LLMs are also vulnerable to what are known as adversarial perturbations. ML researchers discovered these seemingly random tokens that a user can append to a prompt to unlock forbidden responses. It’s unclear how or why these work, though they predate LLMs and exist across the realm of ML.
To mitigate the risks and get the most out of LLMs and other AI technologies, Zittrain offered the following recommendations:
- Treat it like a friend. If you want to get the best responses from an LLM, it pays to think carefully about your prompts and instruct it as explicitly as possible. Many of us are used to “search engine shorthand,” said Zittrain, but when interacting with LLMs, the more you treat it like a friend, the better its answers will be. As models improve, their context windows grow, allowing them to remember more of the previous prompts and enabling you to iterate with them until you get the best answer. Asking LLMs to show their work or go step by step produces more accurate results. And in one fascinating example, telling a model that Turing Award winner Yann LeCun was skeptical it could solve a problem led to it finally getting the right answer. “The more you treat it like a friend, whether or not it’s merely a ‘stochastic parrot,’ in the memorable words of some prominent AI researchers, the more it apparently will deliver to you,” he said.
- Experiment early and often. Encourage employees to experiment with these technologies and to share their experiments, results, and findings, including with independent researchers. You need to know where, when, and how these experiments are happening. Do evaluations and perform red-teaming in a structured way so you can catch any problems early on and avoid a public Microsoft Tay moment.

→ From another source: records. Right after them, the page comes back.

Section LinearSEM.
Variables (R : realType) (n : nat) (E : rel 'I_n) (Bm : 'M[R]_n).
Hypothesis E_acyclic : acyclic E.
Hypothesis Bm_supp : forall i j, ~~ E j i -> Bm i j = 0.

Lemma card_connect_lt i j : E j i ->
  (#|[set k | connect E i k]| < #|[set k | connect E j k]|)%N.
Proof.
move=> Eji; apply: proper_card; apply/properP; split.
  by apply/fintype.subsetP => k; rewrite !inE; apply: connect_trans (connect1 Eji).
by exists j; rewrite inE ?connect0 ?E_acyclic.
Qed.

(* The kernel is trivial: [v = v Bm] expresses each [v_j] through the [v_i]
   of the children [i] of [j], so [v] vanishes by induction on descendants. *)
Lemma unitmx_1_sub_dag : (1%:M - Bm) \in unitmx.
Proof.
rewrite unitmxE unitfE; apply/negP => /det0P [v v_nz].
rewrite mulmxBr mulmx1 => /eqP; rewrite subr_eq0 => /eqP vB.
suff v0 N j : #|[set k | connect E j k]| = N -> v 0 j = 0.
  by apply/negP: v_nz; rewrite negbK; apply/eqP/rowP => j; rewrite (v0 _ j erefl) mxE.
elim/ltn_ind: N j => N IH j cardj; rewrite vB mxE big1 // => i _.
have [Eji|nEji] := boolP (E j i); last by rewrite Bm_supp ?mulr0.
by rewrite (IH _ _ i erefl) ?mul0r // -cardj card_connect_lt.
Qed.

Variable sigma2 : 'rV[R]_n.
Hypothesis sigma2_gt0 : forall i, 0 < sigma2 ord0 i.

Lemma sem_cov_sym i j : sem_cov Bm sigma2 i j = sem_cov Bm sigma2 j i.
Proof.
have trS : (sem_cov Bm sigma2)^T = sem_cov Bm sigma2.
  by rewrite /sem_cov !trmx_mul trmxK tr_diag_mx mulmxA.
by rewrite -{1}trS mxE.
Qed.

Lemma sem_cov_pd (x : 'rV[R]_n) : x != 0 ->
  0 < (x *m sem_cov Bm sigma2 *m x^T) 0 0.
Proof.
move=> x_nz; set M := invmx (1%:M - Bm).
have M_unit : M \in unitmx by rewrite unitmx_inv unitmx_1_sub_dag.
have -> : x *m sem_cov Bm sigma2 *m x^T = x *m M *m diag_mx sigma2 *m (x *m M)^T.
  by rewrite /sem_cov trmx_mul !mulmxA.
apply: diag_form_gt0 => //; apply: contra x_nz => /eqP xM0.
by rewrite -(mulmxK M_unit x) xM0 mul0mx.
Qed.

End LinearSEM.

Lemma connect_remove_edge n (E : rel 'I_n) (A Y w d : 'I_n) :
  ~~ connect E A d -> connect E w d -> connect (remove_edge E A Y) w d.
Proof.
move=> nAd /connectP[s]; elim: s w => [|a s IH] w /=; first by move=> _ ->.
case/andP=> Ewa ps ld; apply: connect_trans (IH a ps ld); apply: connect1.
rewrite /remove_edge Ewa; apply: contra nAd => /andP[/eqP wA _].
by apply/connectP; exists (a :: s); rewrite //= -wA Ewa.
Qed.

Section RemoveTreatmentEdge.
Variables (n : nat) (E : rel 'I_n) (A Y : 'I_n) (K : {set 'I_n}).
Hypothesis E_AY : E A Y.
Hypothesis A_desc : forall v, v != A -> v != Y -> ~~ connect E A v.
Hypothesis AK : A \notin K.
Hypothesis YK : Y \notin K.

Local Notation E' := (remove_edge E A Y).

Lemma not_connect_A_mem d : d \in K -> ~~ connect E A d.
Proof.
by move=> dK; apply: A_desc; [apply: contraNneq AK|apply: contraNneq YK] => <-.
Qed.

- Keep a ledger. AI is like asbestos, said Zittrain. It can be found in all sorts of places, and you never know where it’s going to show up. Similarly, it also seems to be very good at its intended purpose, but problems may not manifest until later, when it’s difficult to change things. So, like asbestos, it’s best to keep records of where you’re using AI so if you have to peel any of it back, you know where to look.
- Be cautious in your implementation. Once you’ve opened the AI Pandora’s box, keep the lid handy. When possible, implement AI tools in such a way that you can pull back if things aren’t working as expected.
Zittrain concluded with a quote from renowned science fiction author Arthur C. Clarke. In his 1962 book, “Profiles of the Future: An Inquiry into the Limits of the Possible,” Clarke put it succinctly: “any sufficiently advanced technology is indistinguishable from magic.” Like a fine champagne, AI certainly feels like magic at times, but it’s important to not let it bewitch you.
This article was not written with AI.